Using the data that follows, say how many lines contain the word "exact", giving the number by itself.

┌──

(* Let $X,Y$ be Banach spaces, $F:D(F)\subseteq X\to Y$ a weakly sequentially continuous (nonlinear) operator whose domain $D(F)$ is closed and convex, and let $y\in Y$ be such that $F(x)=y$ has a unique solution $x^\dagger\in D(F)$. Let $V$ be a Banach space continuously embedded in $X$, with strictly finer topology, such that sub-level sets of $\|\cdot\|_V^m$ are weakly sequentially pre-compact in $X$. Fix $\nu,m\ge1$, $\delta_{\max}>0$ (sufficiently small) and $C_{DP}>1$. For $\delta\in(0,\delta_{\max}]$ and $y^\delta\in Y$ with $\|y^\delta-y\|_Y\le\delta$, consider minimizers over $D(F)\cap V$ of $T^\delta_\kappa(x)=\|F(x)-y^\delta\|_Y^\nu+\kappa\|x\|_V^m$, and assume that for every such $\delta,y^\delta$ there are $\kappa_{DP}>0$ and a minimizer $x^\delta_{\kappa_{DP}}$ of $T^\delta_{\kappa_{DP}}$ with $\|F(x^\delta_{\kappa_{DP}})-y^\delta\|_Y=C_{DP}\delta$. Assume: (A1) There are a Banach space $U\supsetneq X$ and constants $0<c_U\le C_U<\infty$ with $c_U\|x-x^\dagger\|_U\le\|F(x)-F(x^\dagger)\|_Y\le C_U\|x-x^\dagger\|_U$ for all $x\in D(F)$, and a neighborhood $B^\dagger\subset X$ of $x^\dagger$ such that $F$ is continuous on $B^\dagger\cap D(F)$. (A2) There are a family of Banach spaces $\{X_s\}_{s\in[0,1]}$, a number $t_0\in(0,\infty)$ and operators $\{P_t\}_{0<t\le t_0}\subset B(U)$ such that: (i) the embeddings $V\hookrightarrow X\hookrightarrow U$ are continuous; (ii) $X_0=X$, $X_1=V$, and $X_s\hookrightarrow X_t$ continuously for $0\le t\le s\le1$; (iii) there is $a\ge0$ such that for all $s\in(0,1]$ and $r\in[0,s)$ there is $L>0$ with $\|x\|_{X_r}\le L\|x\|_{X_s}^{\frac{r+a}{a+s}}\|x\|_U^{\frac{s-r}{a+s}}$ for all $x\in X_s$; (iv) for all $s\in[0,1]$ and $t\in(0,t_0]$, $P_tX_s\subset X_s$ and $C_P:=\sup_{0<t\le t_0}\|P_t\|_{X_s\to X_s}<\infty$, and for every $x\in X$ the map $t\mapsto P_tx$ is continuous from $(0,t_0]$ into $X$; (v) for every $0<s<1$ there is $C_{Proj}\ge C_P+1$ such that for all $0<t\le t_0$: $\|P_t-\mathrm{id}\|_{X_s\to U}\le C_{Proj}t^{a+s}$ and $\|P_t\|_{X_s\to V}\le C_{Proj}t^{s-1}$, with $a$ as in (iii). (A3) There are $\theta\in(0,1)$ and $E>0$ with $x^\dagger\in X_\theta$ and $\|x^\dagger\|_{X_\theta}\le E$, and either $x^\dagger$ is an interior point of $D(F)$ or $P_tx^\dagger\in D(F)$ for all $0<t\le t_0$. Then there is a constant $c>0$, independent of $\delta$, such that $\|x^\delta_{\kappa_{DP}}-x^\dagger\|_X\le c\,\delta^{\frac{\theta}{a+\theta}}$ for all sufficiently small $\delta$. *)

From HB Require Import structures.
From mathcomp Require Import all_boot all_order all_algebra.
From mathcomp Require Import all_classical all_reals all_analysis.
Set Implicit Arguments. Unset Strict Implicit. Unset Printing Implicit Defensive.
Import Order.TTheory GRing.Theory Num.Theory.
Import numFieldNormedType.Exports.
Local Open Scope classical_set_scope.
Local Open Scope ring_scope.

(* All Banach spaces X_s (s in [0,1]) are modelled as linear subspaces S of
   the ambient Banach space U, equipped with their own norm n : U -> R.  *)

Section Defs.
Context {R : realType}.

Definition lin_subspace (E : lmodType R) (S : set E) : Prop :=
  S 0 /\ forall (a b : R) (x y : E), S x -> S y -> S (a *: x + b *: y).

Definition is_norm_on (E : lmodType R) (S : set E) (n : E -> R) : Prop :=
  (forall x, S x -> 0 <= n x) /\
  (forall x, S x -> n x = 0 -> x = 0) /\
  (forall (a : R) x, S x -> n (a *: x) = `|a| * n x) /\
  (forall x y, S x -> S y -> n (x + y) <= n x + n y).

Definition banach_sub (E : lmodType R) (S : set E) (n : E -> R) : Prop :=
  lin_subspace S /\ is_norm_on S n /\
  forall u : nat -> E, (forall k, S (u k)) ->
    (forall e : R, 0 < e -> exists N : nat, forall i j : nat, (N <= i)%N -> (N <= j)%N ->
        n (u i - u j) < e) ->
    exists2 x, S x & (fun k => n (u k - x)) @ \oo --> (0 : R).

Definition bdd_lin_functional (E : lmodType R) (S : set E) (n : E -> R)
  (f : E -> R) : Prop :=
  (forall (a b : R) x y, S x -> S y -> f (a *: x + b *: y) = a * f x + b * f y) /\
  exists C : R, forall x, S x -> `|f x| <= C * n x.

Definition weak_cvg (E : lmodType R) (S : set E) (n : E -> R)
  (u : nat -> E) (x : E) : Prop :=
  forall f, bdd_lin_functional S n f -> (fun k => f (u k)) @ \oo --> f x.

Definition tikhonov (U Y : normedModType R) (F : U -> Y) (nV : U -> R)
  (nu m kappa : R) (ydelta : Y) (x : U) : R :=
  powR `|F x - ydelta| nu + kappa * powR (nV x) m.

Definition is_minimizer (U Y : normedModType R) (F : U -> Y) (D V : set U)
  (nV : U -> R) (nu m kappa : R) (ydelta : Y) (x : U) : Prop :=
  D x /\ V x /\
  forall z, D z -> V z ->
    tikhonov F nV nu m kappa ydelta x <= tikhonov F nV nu m kappa ydelta z.

End Defs.

From HB Require Import structures.
From mathcomp Require Import all_boot all_order all_algebra.
From mathcomp Require Import all_classical all_reals all_analysis.
From mathcomp Require Import ring lra.
Set Implicit Arguments. Unset Strict Implicit. Unset Printing Implicit Defensive.
Import Order.TTheory GRing.Theory Num.Theory.
Import numFieldNormedType.Exports.
Local Open Scope classical_set_scope.
Local Open Scope ring_scope.

(* Compare the discrepancy-principle minimizer x with the smoothed exact solution
   z = P_t x^dagger at the scale t^(a + theta) ~ delta.  By (A2)(v) and (A1), z is
   within O(delta) of the data and, for the right constant, satisfies the
   discrepancy principle itself; minimality of x then gives
   ||x||_V <= ||z||_V = O(t^(theta - 1)).  By (A1) both x and z are O(t^(a + theta))
   from x^dagger in U, so interpolating (A2)(iii) between V and U bounds
   ||x - z||_X by O(t^theta); interpolating between X_theta and U bounds
   ||z - x^dagger||_X likewise.  Finally t^theta ~ delta^(theta / (a + theta)). *)

Section PowR.
Variable R : realType.
Implicit Types x y p : R.

Lemma ler_powR2r x y p : 0 <= p -> 0 <= x <= y -> x `^ p <= y `^ p.
Proof.
move=> p0 /andP[x0 xy]; apply: ge0_ler_powR; rewrite ?nnegrE //.
exact: le_trans xy.
Qed.

Lemma le_of_powR_le x y p : 0 < p -> 0 <= x -> 0 <= y -> x `^ p <= y `^ p -> x <= y.
Proof.
move=> p0 x0 y0 xy; rewrite leNgt; apply/negP => /gt0_ltr_powR yx.
by move: xy; rewrite leNgt yx ?nnegrE.
Qed.

Lemma powRVK x p : 0 <= x -> p != 0 -> (x `^ p^-1) `^ p = x.
Proof. by move=> x0 p0; rewrite -powRrM mulVf // powRr1. Qed.

Lemma powR_small_near0 (M r e t0 : R) : 0 < M -> 0 < r -> 0 < e -> 0 < t0 ->
  exists2 t1, 0 < t1 <= t0 & forall t, 0 < t <= t1 -> M * t `^ e < r.
Proof.
move=> M0 r0 e0 t00; pose s := (r / (2 * M)) `^ e^-1.
have s0 : 0 < s by apply: powR_gt0; rewrite divr_gt0 ?mulr_gt0.
exists (Num.min t0 s); first by rewrite lt_min t00 s0 ge_min lexx.
move=> t /andP[t_gt0]; rewrite le_min => /andP[_ ts].
have : t `^ e <= r / (2 * M).
  have rM0 : 0 <= r / (2 * M) by rewrite ltW // divr_gt0 // mulr_gt0.
  rewrite -(powRVK rM0 (_ : e != 0)) ?gt_eqF //.
  by apply: ler_powR2r; rewrite ?(ltW e0) ?(ltW t_gt0).
rewrite -(ler_pM2l M0) => /le_lt_trans; apply.
have -> : M * (r / (2 * M)) = r / 2 by field; rewrite gt_eqF.
lra.
Qed.

(* Applied to the interpolation inequality (A2)(iii) with r = 0: the exponents
   are such that the rates t^(theta - s) and t^(a + theta) combine to t^theta. *)
Lemma interp_rate (a s theta L A B t nX nS nU : R) :
  0 <= a -> 0 < s -> 0 < t -> 0 <= L ->
  0 <= nS <= A * t `^ (theta - s) -> 0 <= nU <= B * t `^ (a + theta) ->
  nX <= L * nS `^ (a / (a + s)) * nU `^ (s / (a + s)) ->
  nX <= L * A `^ (a / (a + s)) * B `^ (s / (a + s)) * t `^ theta.
Proof.
move=> a0 s0 t0 L0 /andP[nS0 nSA] /andP[nU0 nUB] /le_trans; apply.
have as0 : 0 < a + s by rewrite ltr_wpDl.
have A0 : 0 <= A by rewrite -(pmulr_lge0 _ (powR_gt0 (theta - s) t0)) (le_trans nS0).
have B0 : 0 <= B by rewrite -(pmulr_lge0 _ (powR_gt0 (a + theta) t0)) (le_trans nU0).
have exp_theta : (theta - s) * (a / (a + s)) + (a + theta) * (s / (a + s)) = theta.
  by field; rewrite gt_eqF.
have -> : L * A `^ (a / (a + s)) * B `^ (s / (a + s)) * t `^ theta =
    L * (A * t `^ (theta - s)) `^ (a / (a + s)) * (B * t `^ (a + theta)) `^ (s / (a + s)).
  rewrite !powRM ?powR_ge0 // -!powRrM -[in t `^ theta]exp_theta powRD ?(gt_eqF t0) ?implybT //.
  ring.
apply: ler_pM; rewrite ?mulr_ge0 ?powR_ge0 //.
  by apply: ler_wpM2l => //; apply: ler_powR2r; rewrite ?divr_ge0 ?nS0 ?(ltW as0).
by apply: ler_powR2r; rewrite ?divr_ge0 ?nU0 ?(ltW s0) ?(ltW as0).
Qed.

End PowR.

Section NormedSubspace.
Context {R : realType} {E : lmodType R} (S : set E) (n : E -> R).
Hypotheses (HS : lin_subspace S) (Hn : is_norm_on S n).

Lemma lin_subspaceB x z : S x -> S z -> S (x - z).
Proof. by case: HS => _ lin Sx Sz; have := lin 1 (-1) x z Sx Sz; rewrite scale1r scaleN1r. Qed.

Lemma lin_subspaceN x : S x -> S (- x).
Proof. by move=> Sx; rewrite -sub0r; apply: lin_subspaceB => //; case: HS. Qed.

Lemma norm_on_ge0 x : S x -> 0 <= n x.
Proof. by case: Hn => ge0 _; apply: ge0. Qed.

Lemma norm_onD x z : S x -> S z -> n (x + z) <= n x + n z.
Proof. by case: Hn => _ [_ [_ tri]]; apply: tri. Qed.

Lemma norm_onN x : S x -> n (- x) = n x.
Proof. by case: Hn => _ [_ [hom _]] Sx; rewrite -scaleN1r hom // normrN normr1 mul1r. Qed.

Lemma norm_onB x z : S x -> S z -> n (x - z) <= n x + n z.
Proof. by move=> Sx Sz; rewrite -(norm_onN Sz); apply: norm_onD => //; apply: lin_subspaceN. Qed.

End NormedSubspace.

Lemma minimizer_penalty_le (R : realType) (U Y : normedModType R) (F : U -> Y)
    (D V : set U) (nV : U -> R) (nu m kappa : R) (ydelta : Y) (x z : U) :
  0 <= nu -> 0 < m -> 0 < kappa -> (forall v, V v -> 0 <= nV v) ->
  is_minimizer F D V nV nu m kappa ydelta x -> D z -> V z ->
  `|F z - ydelta| <= `|F x - ydelta| -> nV x <= nV z.
Proof.
move=> nu0 m0 kappa0 nV0 [_ [Vx xmin]] Dz Vz res_le.
have res_pow : `|F z - ydelta| `^ nu <= `|F x - ydelta| `^ nu.
  by apply: ler_powR2r; rewrite ?normr_ge0.
have pen_le : nV x `^ m <= nV z `^ m.
  rewrite -(ler_pM2l kappa0) -(lerD2l (`|F x - ydelta| `^ nu)).
  apply: le_trans (xmin z Dz Vz) _.
  by rewrite /tikhonov lerD2r.
exact: le_of_powR_le m0 (nV0 _ Vx) (nV0 _ Vz) pen_le.
Qed.

Section DiscrepancyRate.
Variables (R : realType) (U Y : normedModType R) (X V D : set U) (nX nV : U -> R).
Variables (F : U -> Y) (y : Y) (xdag : U) (nu m CDP cU CU a theta L : R).
Variables (z : R -> U) (t0 t1 MV MU MX : R).
Hypotheses (HX : lin_subspace X) (HnX : is_norm_on X nX).
Hypotheses (HV : lin_subspace V) (HnV : is_norm_on V nV).
Hypotheses (HDX : forall x, D x -> X x) (HXxdag : X xdag) (HFxdag : F xdag = y).
Hypothesis HA1 : forall x, D x ->
  cU * `|x - xdag| <= `|F x - F xdag| /\ `|F x - F xdag| <= CU * `|x - xdag|.
Hypotheses (Hnu : 0 <= nu) (Hm : 0 < m) (HCDP : 1 < CDP) (HcU : 0 < cU) (HCU : 0 < CU).
Hypotheses (Ha : 0 <= a) (Htheta : 0 < theta) (HL : 0 <= L).
Hypothesis Hinterp : forall x, V x ->
  nX x <= L * nV x `^ (a / (a + 1)) * `|x| `^ (1 / (a + 1)).
Hypotheses (Ht1 : 0 < t1 <= t0) (HMU : 0 < MU) (HMX : 0 < MX).
Hypothesis HzD : forall t, 0 < t <= t1 -> D (z t).
Hypothesis HzV : forall t, 0 < t <= t0 -> V (z t) /\ nV (z t) <= MV * t `^ (theta - 1).
Hypothesis HzU : forall t, 0 < t <= t0 -> `|z t - xdag| <= MU * t `^ (a + theta).
Hypothesis HzX : forall t, 0 < t <= t0 -> nX (z t - xdag) <= MX * t `^ theta.

Lemma residual_le_dist x ydelta delta : D x -> `|ydelta - y| <= delta ->
  `|F x - ydelta| <= CU * `|x - xdag| + delta.
Proof.
move=> Dx yd; rewrite -HFxdag in yd.
apply: le_trans (ler_distD (F xdag) _ _) _.
by apply: lerD; [exact: (HA1 Dx).2 | rewrite distrC].
Qed.

Lemma dist_le_residual x ydelta delta : D x -> `|ydelta - y| <= delta ->
  cU * `|x - xdag| <= `|F x - ydelta| + delta.
Proof.
move=> Dx yd; rewrite -HFxdag in yd.
apply: le_trans (HA1 Dx).1 _; apply: le_trans (ler_distD ydelta _ _) _.
by rewrite lerD2l.
Qed.

(* The scale t of the comparison element z t is tied to delta by
   t^(a + theta) = k delta, with k chosen so that CU MU t^(a + theta) = (CDP - 1) delta,
   i.e. z t satisfies the discrepancy principle. *)
Let k := (CDP - 1) / (CU * MU).

Let k_gt0 : 0 < k.
Proof. by rewrite divr_gt0 ?mulr_gt0 // subr_gt0. Qed.

Let le_t0 t : 0 < t <= t1 -> 0 < t <= t0.
Proof. by case/andP: Ht1 => _ t1_le /andP[-> /le_trans]; apply. Qed.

└──

RESPONSE TO THIS EXERCISE
4